# [WORK ORDER]
If a line below holds the word "congr", count it; then say how many such lines there are and nothing else.

┌─ GIVEN INFORMATION

Lemma xexpNx_ge0 x : 0 <= x -> 0 <= xexpNx x.
Proof. by move=> x_ge0; rewrite mulr_ge0 // ltW // expR_gt0. Qed.

Lemma xexpNx1 : xexpNx 1 = expR (-1).
Proof. by rewrite /xexpNx mul1r. Qed.

Lemma xexpNx_le x : xexpNx x <= expR (-1).
Proof.
have -> : expR (-1) = expR (x - 1) * expR (- x) :> R by rewrite -expRD; congr expR; ring.
by rewrite ler_pM2r ?expR_gt0 //; have := expR_ge1Dx (x - 1); lra.
Qed.

Lemma xexpNx_lt x : x != 1 -> xexpNx x < expR (-1).
Proof.
move=> x_neq1.
have -> : expR (-1) = expR (x - 1) * expR (- x) :> R by rewrite -expRD; congr expR; ring.
rewrite ltr_pM2r ?expR_gt0 //; have := @expR_gt1Dx R (x - 1).
by rewrite subr_eq0 x_neq1; lra.
Qed.

Lemma xexpNx_le_le1 x y : 0 <= x -> x <= y -> y <= 1 -> xexpNx x <= xexpNx y.
Proof.
move=> x_ge0 xy y_le1; rewrite /xexpNx.
have -> : expR (- y) = expR (x - y) * expR (- x) by rewrite -expRD; congr expR; ring.
have := expR_ge1Dx (x - y); rewrite mulrA ler_pM2r ?expR_gt0 //; nra.
Qed.

Lemma xexpNx_ge_ge1 x y : 1 <= x -> x <= y -> xexpNx y <= xexpNx x.
Proof.
move=> x_ge1 xy; rewrite /xexpNx.
have -> : expR (- x) = expR (y - x) * expR (- y) by rewrite -expRD; congr expR; ring.
have := expR_ge1Dx (y - x); rewrite mulrA ler_pM2r ?expR_gt0 //; nra.
Qed.

Lemma xexpNx_div_mul l l' y : 0 <= l -> l <= l' -> l' <= y -> 0 < l' ->
  expR (-1) * xexpNx (l / y) <= xexpNx (l / l') * xexpNx (l' / y).
Proof.
move=> l_ge0 ll' l'y l'_gt0; have y_gt0 : 0 < y by lra.
rewrite /xexpNx mulrACA -!expRD mulrCA.
have -> : l / l' * (l' / y) = l / y by field; lra.
apply: ler_wpM2l; first by rewrite divr_ge0 // ltW.
rewrite -expRD ler_expR -subr_ge0.
have -> : - (l / l') - l' / y - (-1 - l / y) = (l' - l) * (y - l') / (l' * y).
  by field; lra.
by rewrite divr_ge0 ?mulr_ge0 //; lra.
Qed.

End RealFacts.

Section Hfun.
Context {R : realType}.
Implicit Types (Y : R).

Definition hfun Y := (1 + Y) * ln (1 + Y^-1).

Lemma is_derive_inv {Y} : Y != 0 -> is_derive Y 1 (fun y : R => y^-1) (- Y ^- 2).
Proof.
move=> Y_neq0; eapply is_derive_eq; first exact: (is_deriveV (f := id) Y_neq0 (is_derive_id Y 1)).
by rewrite /GRing.scale /= mulr1.
Qed.

Lemma is_derive_hfun {Y} : 0 < Y -> is_derive Y 1 hfun (ln (1 + Y^-1) - Y^-1).
Proof.
move=> Y_gt0; have pos : 0 < 1 + Y^-1 by rewrite addr_gt0 ?invr_gt0.
have D1 := @is_derive_cst _ _ R (1 : R) Y 1.
have DL := is_derive1_comp (is_derive1_ln _)
  (is_deriveD D1 (is_derive_inv (lt0r_neq0 Y_gt0))).
eapply is_derive_eq; first exact: (is_deriveM (is_deriveD D1 (is_derive_id Y 1)) (DL pos)).
rewrite /GRing.scale /= !fctE /=.
by field; rewrite lt0r_neq0 //=; lra.
Qed.

Lemma hfun_gt1 {Y} : 0 < Y -> 1 < hfun Y.
Proof.
move=> Y_gt0; have := @ln1Dx_gt _ Y^-1; rewrite invr_gt0 /hfun => /(_ Y_gt0).
have -> : Y^-1 / (1 + Y^-1) = (1 + Y)^-1 by field; lra.
by rewrite -ltr_pdivrMl ?mul1r //; lra.
Qed.

Lemma hfun_le {Y} : 0 < Y -> hfun Y <= (1 + Y) / Y.
Proof.
move=> Y_gt0; rewrite /hfun ler_pM2l; last lra.
by apply: le_ln1Dx; rewrite (@lt_le_trans _ _ 0) ?invr_ge0 ?ltW.
Qed.

Lemma hfun_decr {Y1 Y2} : 0 < Y1 -> Y1 < Y2 -> hfun Y2 < hfun Y1.
Proof.
move=> Y1_gt0; apply: ltr0_is_derive_gt => [Y /andP[Y1Y _]|Y /andP[Y1Y _]].
  by apply: is_derive_hfun; lra.
have Y_gt0 : 0 < Y by lra.
by rewrite subr_lt0 ln1Dx_lt ?invr_eq0 ?lt0r_neq0 // (@lt_le_trans _ _ 0) ?invr_ge0 ?ltW.
Qed.

End Hfun.

Definition rate {R : realType} (a y : R) := ln (1 + (y `^ a)^-1).
Definition crit_slope {R : realType} (a y : R) := a / hfun (y `^ a) - 1.
Definition crit_load {R : realType} (a y : R) := y * crit_slope a y.

Section CritLoad.
Context {R : realType} {a : R} (a_gt0 : 0 < a).
Implicit Types (c y : R).
Local Notation rate := (rate a).
Local Notation crit_slope := (crit_slope a).
Local Notation crit_load := (crit_load a).

Lemma rate_gt0 {y} : 0 < y -> 0 < rate y.
Proof. by move=> y_gt0; rewrite ln_gt0 // ltrDl invr_gt0 powR_gt0. Qed.

Lemma crit_slope_lt {y} : 0 < y -> crit_slope y < a - 1.
Proof.
move=> y_gt0; have h_gt1 := hfun_gt1 (powR_gt0 a y_gt0).
by rewrite ltrD2r gtr_pMr // invf_lt1 //; lra.
Qed.

Lemma crit_slope_incr {y1 y2} : 0 < y1 -> y1 < y2 -> crit_slope y1 < crit_slope y2.
Proof.
move=> y1_gt0 y12; have Y1_gt0 := powR_gt0 a y1_gt0.
have Y12 : y1 `^ a < y2 `^ a by apply: gt0_ltr_powR => //; rewrite nnegrE; lra.
have := hfun_gt1 Y1_gt0; have := hfun_gt1 (lt_trans Y1_gt0 Y12) => *.
rewrite ltrD2r ltr_pM2l // ltf_pV2 ?posrE ?hfun_decr //; lra.
Qed.

Lemma crit_load_lt {y} : a < 2 -> 0 < y -> crit_load y < y.
Proof. by move=> a_lt2 y_gt0; rewrite gtr_pMr //; have := crit_slope_lt y_gt0; lra. Qed.

Section Root.
Context {c ys : R} (c_gt0 : 0 < c) (ys_gt0 : 0 < ys) (ys_root : crit_load ys = c).

Lemma crit_slope_root_gt0 : 0 < crit_slope ys.
Proof. by move: c_gt0; rewrite -ys_root pmulr_rgt0. Qed.

Lemma crit_load_lt_root {y} : 0 < y -> y < ys -> crit_load y < c.
Proof.
move=> y_gt0 y_lt; rewrite -ys_root /crit_load.
have := crit_slope_incr y_gt0 y_lt; have := crit_slope_root_gt0.
case: (lerP (crit_slope y) 0) => s_le0 *.
  by rewrite (le_lt_trans (y := 0)) ?mulr_gt0 ?pmulr_rle0.
by rewrite (lt_trans (y := ys * crit_slope y)) ?ltr_pM2r ?ltr_pM2l.
Qed.

Lemma crit_load_gt_root {y} : ys < y -> c < crit_load y.
Proof.
move=> y_gt; rewrite -ys_root /crit_load.
have := crit_slope_incr ys_gt0 y_gt; have := crit_slope_root_gt0 => *.
by rewrite (lt_trans (y := ys * crit_slope y)) ?ltr_pM2l ?ltr_pM2r //; lra.
Qed.

Lemma crit_load_inj y : 0 < y -> crit_load y = c -> y = ys.
Proof.
move=> y_gt0 y_root; case: (ltgtP y ys) => // [y_lt|y_gt].
  by have := crit_load_lt_root y_gt0 y_lt; lra.
by have := crit_load_gt_root y_gt; lra.
Qed.

End Root.

Lemma crit_load_continuous y : 0 < y -> {for y, continuous crit_load}.
Proof.
move=> y_gt0; have Y_gt0 := powR_gt0 a y_gt0.
have Dh := is_derive1_comp (g := fun z : R => z `^ a)
  (is_derive_hfun Y_gt0) (is_derive1_powR a y_gt0).
have h_neq0 : hfun (y `^ a) != 0 by rewrite lt0r_neq0 // (lt_trans ltr01) ?hfun_gt1.
have Dinv := is_derive1_comp (g := fun z : R => hfun (z `^ a)) (is_derive_inv h_neq0) Dh.
have Dslope := is_deriveB (is_deriveZ a Dinv) (@is_derive_cst _ _ R (1 : R) y 1).
apply: is_derive_continuous; exact: (is_deriveM (is_derive_id y 1) Dslope).
Qed.

Lemma crit_load_expRN1_lt0 : crit_load (expR (-1)) < 0.
Proof.
rewrite pmulr_rlt0 ?expR_gt0 // subr_lt0 ltr_pdivrMr; last first.
  by rewrite (lt_trans ltr01) ?hfun_gt1 ?powR_gt0 ?expR_gt0.
rewrite mul1r -expRM mulN1r /hfun -expRN opprK.
have ln_gt : a < ln (1 + expR a).
  by rewrite -[X in X < _]expRK ltr_ln ?posrE ?addr_gt0 ?expR_gt0 // ltrDr.
by rewrite (lt_le_trans ln_gt) // ler_peMl ?ln_ge0 ?lerDl ?expR_ge0 //; lra.
Qed.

└─

# [SOLUTION TO THIS TASK]
4